Correcting Free Energies

  • Low frequencies are generally unreliable. Since these frequencies contribute most to the entropy, they can be a significant source of error.

  • Cramer and Truhlar have proposed moving all the frequencies below a cutoff of 100 cm-1 up to 100 cm-1.

  • cctk.helper_functions.get_corrected_free_energy calculates this corrected “quasiharmonic” free energy.

  • The quasiharmonic free energy is automatically calculated with a cutoff of 100 cm-1 and the temperature that is set in the calculation.

  • You can also calculate the energy manually as shown below. The correction algorithm assumes the same temperature as in Gaussian, so custom temperatures require re-running the Gaussian job.
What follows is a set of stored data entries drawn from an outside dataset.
(* Let $\rho_\mathcal{A}$ be an antisymmetric state on $\mathbb{C}^d\otimes\mathbb{C}^d$ and let $p^\textrm{PPT}(\rho_\mathcal{A})$ be the optimal value of the semidefinite program: maximize $\operatorname{Tr}(P_\mathcal{A}\sigma)$ over $\sigma$ subject to $P_\mathcal{A}\sigma P_\mathcal{A} = \operatorname{Tr}(P_\mathcal{A}\sigma)\rho_\mathcal{A}$, $\sigma\geq 0$, $\operatorname{Tr}(\sigma)=1$, $\sigma^\Gamma\geq 0$. If $p^\textrm{PPT}(\rho_\mathcal{A})<1/2$, then any optimal state $\sigma^*$ of this program (a PPT state with $P_\mathcal{A}\sigma^*P_\mathcal{A}=p^\textrm{PPT}(\rho_\mathcal{A})\rho_\mathcal{A}$) is entangled, hence PPT entangled.
   Context: $V$ is the swap operator on $\mathbb{C}^d\otimes\mathbb{C}^d$, $P_\mathcal{A}=(\mathbb{1}-V)/2$ is the projector onto the antisymmetric subspace (with $\mathbb{1}$ the identity operator). An antisymmetric state satisfies $\rho_\mathcal{A}=P_\mathcal{A}\rho_\mathcal{A}P_\mathcal{A}$. A state is separable if it is of the form $\sum_k q_k |\alpha_k\rangle\langle\alpha_k|\otimes|\beta_k\rangle\langle\beta_k|$; $\sigma^\Gamma$ is the partial transpose. *)

(* Matrices on C^d (x) C^d are 'M[C]_(d * d), with the
   product basis index (i, j) encoded as mxtens_index (i, j) (from
   mathcomp real_closed's mxtens.v, which also provides the Kronecker
   product A *t B). C is an arbitrary numClosedFieldType (e.g. algC or
   complex R for a real closed field R), the numeric-closed analogue of C. *)
From HB Require Import structures.
From mathcomp Require Import all_boot all_order all_algebra.
From mathcomp Require Export mxtens.
Set Implicit Arguments. Unset Strict Implicit. Unset Printing Implicit Defensive.
Import Order.TTheory GRing.Theory Num.Theory.
Local Open Scope ring_scope.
  • Acknowledgement: Colin Lam

# get data
file = cctk.GaussianFile.read_file("test/static/diiron_complex.out")
ensemble = file.ensemble
molecule = ensemble.molecules[-1]
properties_dict = ensemble.get_properties_dict(molecule)
free_energy = properties_dict["gibbs_free_energy"]
quasiharmonic_free_energy = properties_dict["quasiharmonic_gibbs_free_energy"]
frequencies = properties_dict["frequencies"]  # cm-1

# results
free_energy == -1975.998622                     # hartree
quasiharmonic_free_energy == -1975.9949313424   # hartree

# calculate corrected free energy with a different cutoff or temperature
corrected_free_energy = cctk.helper_functions.get_corrected_free_energy(free_energy, frequencies,
corrected_free_energy == -1975.997664  # hartree

Sorting Ensembles

  • Ensembles can be sorted by property values (e.g., energy).

  • The ordering in ensemble.molecules will be updated to reflect the new order.
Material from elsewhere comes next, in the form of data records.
Definition mkL A (clA : closedL A) : Lt := exist (fun B => closedL B) A clA.
Definition Lbot : Lt := mkL closedL_set0.
Definition Ltop : Lt := mkL closedL_setT.
Definition single n : Lt := mkL (closedL_set1 n).
Definition Ck k : Lt := mkL (closedL_prime k).

Lemma perpS_closure (x : Lt) : perpS (perpS (sval x)) = sval x.
Proof. exact/eqP/(svalP x). Qed.

Lemma leL_anti x y : leL x y -> leL y x -> x = y.
Proof. by move=> xy yx; apply: val_inj; apply/eqP; rewrite eqEsubset xy yx. Qed.

Lemma leL_bot x : leL Lbot x. Proof. exact: sub0set. Qed.
Lemma leL_top x : leL x Ltop. Proof. exact: subsetT. Qed.

Lemma leL_lub (P : Lt -> Prop) : exists u, is_lub leL P u.
Proof.
pose U := [set n | asbool (exists A : Lt, P A /\ n \in sval A)].
exists (mkL (perpS_closed (perpS U))); split.
  move=> A PA; apply: subset_trans (perpS_ext U).
  by apply/subsetP => n nA; rewrite inE; apply/asboolP; exists A.
move=> V V_ub; rewrite /leL /= -(perpS_closure V); apply/perpS_anti/perpS_anti.
by apply/subsetP => n; rewrite inE => /asboolP [A [PA nA]]; exact: subsetP (V_ub A PA) n nA.
Qed.

Lemma complete_leL : complete_lattice leL.
Proof.
split; last by split; [exact: leL_lub | exact: glb_of_lub leL_lub].
split; first by move=> x; exact: subxx.
by split; [move=> x y z; exact: subset_trans | exact: leL_anti].
Qed.

Lemma not_bottom_single n : ~ is_bottom leL (single n).
Proof. by move=> /(_ Lbot); rewrite /leL /= sub1set inE. Qed.

Lemma atom_single n : atom leL (single n).
Proof.
split; first exact: not_bottom_single.
move=> c; rewrite /leL /= subset1 => /orP [/eqP cn | /eqP c0].
  by right; apply: val_inj.
by left => y; rewrite /leL c0 sub0set.
Qed.
(* (a) Let $n\geq 3$ and let $H_1\neq H_2$ be $1$-dimensional linear subspaces of $\mathbb{R}^n$. Then: $H_1^\perp+H_2^\perp=\mathbb{R}^n$ and $\{H_1^\perp,H_2^\perp\}$ cannot be partitioned into two nonempty mutually orthogonal subsets; if $E\subset S^{n-1}$ is nonempty, closed, and $S^{n-1}\cap(H_j^\perp+x)\subset E$ for $j=1,2$ and all $x\in E$, then $E=S^{n-1}$; every closed $F\subset\mathbb{R}^n$ invariant under all rotations fixing $H_1$ and all rotations fixing $H_2$ is a union of spheres centered at the origin; and every convex body rotationally symmetric with respect to both $H_1$ and $H_2$ is a ball centered at the origin. (b) Let $n\ge 4$. For every $k\in\mathbb{N}$ there exist pairwise different linear subspaces $H_1,\dots,H_k$ of $\mathbb{R}^n$ with $2\le\dim H_j\le n-2$ and a convex body $K$ in $\mathbb{R}^n$ that is rotationally symmetric with respect to each $H_j$ but is not a ball centered at the origin (so that none of the conclusions in (a), with $H_1,H_2$ replaced by $H_1,\dots,H_k$, hold for them).
   Context: $H^\perp$ is the orthogonal complement; $S^{n-1}$ the unit sphere. A rotation fixing $H$ is an element of $SO(n)$ acting as the identity on $H$. A set $X$ is rotationally symmetric with respect to an $i$-dimensional subspace $H$ if for every $x\in H$, $X\cap(H^\perp+x)$ is a union of $(n-i-1)$-dimensional spheres centered at $x$. A convex body is a compact convex set with nonempty interior. *)

(* MathComp + MathComp-Analysis, R : realType,
   points of R^n are row vectors 'rV[R]_n, linear subspaces are represented
   by matrices (their row spaces, mxalgebra). *)
From HB Require Import structures.
From mathcomp Require Import all_boot all_order all_algebra.
From mathcomp Require Import all_classical all_reals all_analysis.
Set Implicit Arguments. Unset Strict Implicit. Unset Printing Implicit Defensive.
Import Order.TTheory GRing.Theory Num.Theory.
Local Open Scope ring_scope.
Import numFieldNormedType.Exports.
Local Open Scope classical_set_scope.

Section Defs.
Variables (R : realType) (n : nat).
Implicit Types (x y z u v : 'rV[R]_n) (H U V Q : 'M[R]_n) (X : set 'rV[R]_n).

Definition dotv u v : R := (u *m v^T) 0 0.
Definition enorm x : R := Num.sqrt (dotv x x).

Definition perp H : 'M[R]_n := kermx H^T.

Definition sphere : set 'rV[R]_n := [set x | enorm x = 1].

Definition orth_sub U V : Prop :=
  forall u v, (u <= U)%MS -> (v <= V)%MS -> dotv u v = 0.

(* Q in SO(n) (acting on row vectors by x |-> x *m Q) *)
Definition rotation Q : Prop := Q *m Q^T = 1%:M /\ \det Q = 1.

Definition rotation_fixing H Q : Prop :=
  rotation Q /\ forall x, (x <= H)%MS -> x *m Q = x.

Definition union_of_origin_spheres X : Prop :=
  forall y z, enorm y = enorm z -> X y -> X z.

(* X is rotationally symmetric w.r.t. H: for every x in H,
   X /\ (H^perp + x) is a union of spheres (in x + H^perp) centered at x *)
Definition rot_symmetric X H : Prop :=
  forall x, (x <= H)%MS -> forall y z,
    (y - x <= perp H)%MS -> (z - x <= perp H)%MS ->
    enorm (y - x) = enorm (z - x) -> X y -> X z.

Definition convex_set X : Prop :=
  forall x y (t : R), X x -> X y -> 0 <= t <= 1 -> X (t *: x + (1 - t) *: y).

Definition convex_body X : Prop :=
  compact X /\ convex_set X /\ (X°) !=set0.

Definition origin_ball X : Prop :=
  exists r : R, 0 < r /\ X = [set x | enorm x <= r].

End Defs.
  • Missing entries are not allowed.

  • Sorting incomparable types will result in an error.

  • The result is a new Ensemble. The underlying objects are not cloned.
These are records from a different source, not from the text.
(* Let $\theta_n>0$ and let $L_n\ge1$ be an integer. Let $X$ be a real tensor (the output of the first MatMul layer of a network on a given input, which is computed identically in the ANN and in the PASC SNN). Let $z^l=\widehat h(X)$ be the output of the first QCFS activation layer of the ANN, and let $s^l=(s^l(1),\dots,s^l(L_n))$ be the output of the PASC input-layer procedure (described in the context) on $X$. Then (a) $\sum_{i=1}^{L_n}s^l(i)=z^l$, and (b) every entry of $s^l$ lies in the set $\{0,\theta_n/L_n\}$.
   Context: The QCFS activation with quantization step $L_n$ and threshold $\theta_n$ is $\widehat h(X)=\theta_n\,\mathrm{clip}\!\left(\frac{1}{L_n}\left\lfloor \frac{X L_n}{\theta_n}+\frac12\right\rfloor,0,1\right)$ (elementwise), where $\mathrm{clip}(y,0,1)=\min(\max(y,0),1)$. $H$ denotes the Heaviside step function, $H(y)=1$ if $y\ge0$ and $0$ otherwise. PASC input-layer procedure (elementwise): set $\theta^*=\theta_n/L_n$ and initial membrane potential $\mathrm{mem}(0)=\widehat h(X)$; for $t=1,\dots,L_n$ set $s^l(t)=H(\mathrm{mem}(t-1)-\theta^* )\cdot\theta^*$ and $\mathrm{mem}(t)=\mathrm{mem}(t-1)-s^l(t)$; the output is the stack $s^l$ of $s^l(1),\dots,s^l(L_n)$. *)

From mathcomp Require Import all_boot all_order all_algebra.
From mathcomp Require Import reals.
Set Implicit Arguments. Unset Strict Implicit. Unset Printing Implicit Defensive.
Import Order.TTheory GRing.Theory Num.Theory.
Local Open Scope ring_scope.

Section Defs.
Variable R : realType.

Definition clip01 (y : R) : R := Num.min (Num.max y 0) 1.

Definition heaviside (y : R) : R := if 0 <= y then 1 else 0.

Definition qcfs (theta : R) (L : nat) (x : R) : R :=
  theta * clip01 ((L%:R)^-1 * (Num.floor (x * L%:R / theta + 2^-1))%:~R).

(* PASC input layer, scalar version.  pasc_mem t = mem(t); pasc_spike t = s(t) for t >= 1. *)
Fixpoint pasc_mem (theta : R) (L : nat) (x : R) (t : nat) : R :=
  match t with
  | 0 => qcfs theta L x
  | t'.+1 =>
      let m := pasc_mem theta L x t' in
      m - heaviside (m - theta / L%:R) * (theta / L%:R)
  end.

Definition pasc_spike (theta : R) (L : nat) (x : R) (t : nat) : R :=
  let m := pasc_mem theta L x t.-1 in
  heaviside (m - theta / L%:R) * (theta / L%:R).

Definition qcfs_tensor (I : Type) theta L (X : I -> R) : I -> R :=
  fun i => qcfs theta L (X i).

(* Output stack: for t : 'I_L, entry (t, i) is s(t+1) at index i. *)
Definition pasc_input_layer (I : Type) theta L (X : I -> R) : 'I_L -> I -> R :=
  fun t i => pasc_spike theta L (X i) t.+1.
End Defs.
Arguments pasc_input_layer {R I} theta L X _ _.
Arguments qcfs_tensor {R I} theta L X _.

(** Every QCFS value is a multiple [k * d] of the quantum [d = theta / L] with
    [0 <= k <= L], since flooring makes the numerator an integer and clipping
    confines it to [[0, L]].  Starting from [k * d], the PASC neuron fires [d]
    exactly while its potential is still positive, so its potential after [t]
    steps is [(k - t) * d] (truncated subtraction) and it fires at steps
    [1, ..., k] and nowhere else; the [L >= k] spikes therefore add up to
    [k * d]. *)
From mathcomp Require Import all_boot all_order all_algebra.
From mathcomp Require Import reals.
Import Order.TTheory GRing.Theory Num.Theory.
Local Open Scope ring_scope.

Lemma clamp_int_nat (R : realDomainType) (f : int) (L : nat) :
  exists2 k : nat, (k <= L)%N & Num.min (Num.max f%:~R 0) L%:R = k%:R :> R.
Proof.
case: f => n; last first.
  exists 0%N => //; rewrite max_r ?min_l //.
  by rewrite NegzE mulrNz oppr_le0 ler0z.
by exists (minn n L); rewrite ?geq_minr // max_l // -natr_min minEnat.
Qed.

Lemma clip01_invMr (R : realType) (c y : R) :
  0 < c -> clip01 (c^-1 * y) = c^-1 * Num.min (Num.max y 0) c.
Proof.
move=> c_gt0; have c_ge0 : 0 <= c^-1 by rewrite invr_ge0 ltW.
by rewrite /clip01 minr_pMr // maxr_pMr // mulr0 mulVf ?gt_eqF.
Qed.

Section PascInputLayer.
Context {R : realType} {theta : R} {L : nat}.
Hypotheses (theta_gt0 : 0 < theta) (L_gt0 : (0 < L)%N).

Let d := theta / L%:R.

Lemma quantum_gt0 : 0 < d.
Proof. by rewrite divr_gt0 ?ltr0n. Qed.

Lemma qcfs_quantized (x : R) :
  exists2 k : nat, (k <= L)%N & qcfs theta L x = d *+ k.
Proof.
have [k le_kL clamp_k] := clamp_int_nat R (Num.floor (x * L%:R / theta + 2^-1)) L.
exists k => //.
by rewrite /qcfs clip01_invMr ?ltr0n // clamp_k mulrC mulrAC mulr_natr mulrC.
Qed.

Lemma heaviside_mulrn_subr (n : nat) : heaviside (d *+ n - d) = (0 < n)%N%:R.
Proof.
rewrite /heaviside; case: n => [|n].
  by rewrite mulr0n sub0r oppr_ge0 leNgt quantum_gt0.
by rewrite mulrSr addrK mulrn_wge0 // ltW // quantum_gt0.
Qed.

Section FromQuantizedPotential.
Context {x : R} {k : nat}.
Hypothesis qcfs_x : qcfs theta L x = d *+ k.

Lemma pasc_mem_quantized (t : nat) : pasc_mem theta L x t = d *+ (k - t).
Proof.
elim: t => [|t IH] /=; first by rewrite subn0 qcfs_x.
rewrite IH heaviside_mulrn_subr subnS; case: (k - t)%N => [|n].
  by rewrite mul0r subr0.
by rewrite mul1r mulrSr addrK.
Qed.

Lemma pasc_spike_quantized (t : nat) :
  pasc_spike theta L x t.+1 = if (t < k)%N then d else 0.
Proof.
by rewrite /pasc_spike pasc_mem_quantized heaviside_mulrn_subr subn_gt0; case: ltnP;
  rewrite ?mul1r ?mul0r.
Qed.

Lemma sum_pasc_spikes (n : nat) : (k <= n)%N ->
  \sum_(t < n) pasc_spike theta L x t.+1 = d *+ k.
Proof.
move=> le_kn.
under eq_bigr => t _ do rewrite pasc_spike_quantized.
by rewrite -big_mkcond /= (big_ord_narrow le_kn) sumr_const card_ord.
Qed.

End FromQuantizedPotential.

Lemma pasc_spike_binary (x : R) (t : nat) :
  pasc_spike theta L x t = 0 \/ pasc_spike theta L x t = d.
Proof. by rewrite /pasc_spike /heaviside; case: ifP; rewrite ?mul0r ?mul1r; auto. Qed.

End PascInputLayer.

Theorem theorem3 (R : realType) (I : Type) (theta : R) (L : nat)
    (htheta : 0 < theta) (hL : (1 <= L)%N) (X : I -> R) :
  (forall i : I,
     \sum_(t < L) pasc_input_layer theta L X t i = qcfs_tensor theta L X i) /\
  (forall (t : 'I_L) (i : I),
     pasc_input_layer theta L X t i = 0 \/
     pasc_input_layer theta L X t i = theta / L%:R).
Proof.
split=> [i | t i]; last exact: pasc_spike_binary.
have [k le_kL qcfs_Xi] := qcfs_quantized (theta := theta) hL (X i).
by rewrite /qcfs_tensor qcfs_Xi -(sum_pasc_spikes htheta hL qcfs_Xi _ le_kL).
Qed.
sorted_ensemble = ensemble.sort_by("energy", ascending=False)

Lowest Energy Molecules

  • Use ensemble.lowest_molecules(property_name, num=1) to get num Molecules that have the lowest value of property_name.

  • If num is 1, the result is a Molecule. If num is more than 1, the result is a list.

  • Sorting by energy only makes sense for an ConformationalEnsemble, but is not forbidden for an Ensemble.

lowest_energy_molecules = ensemble.lowest_molecules("energy",2)
assert len(lowest_energy_molecules) == 2

lowest_energy_molecule = ensemble.lowest_molecules("energy")
assert isinstance(lowest_energy_molecule, cctk.Molecule)
  • For more complex operations, create a pandas DataFrame, determine the indices of interest, and index the Ensemble to create a sub-Ensemble.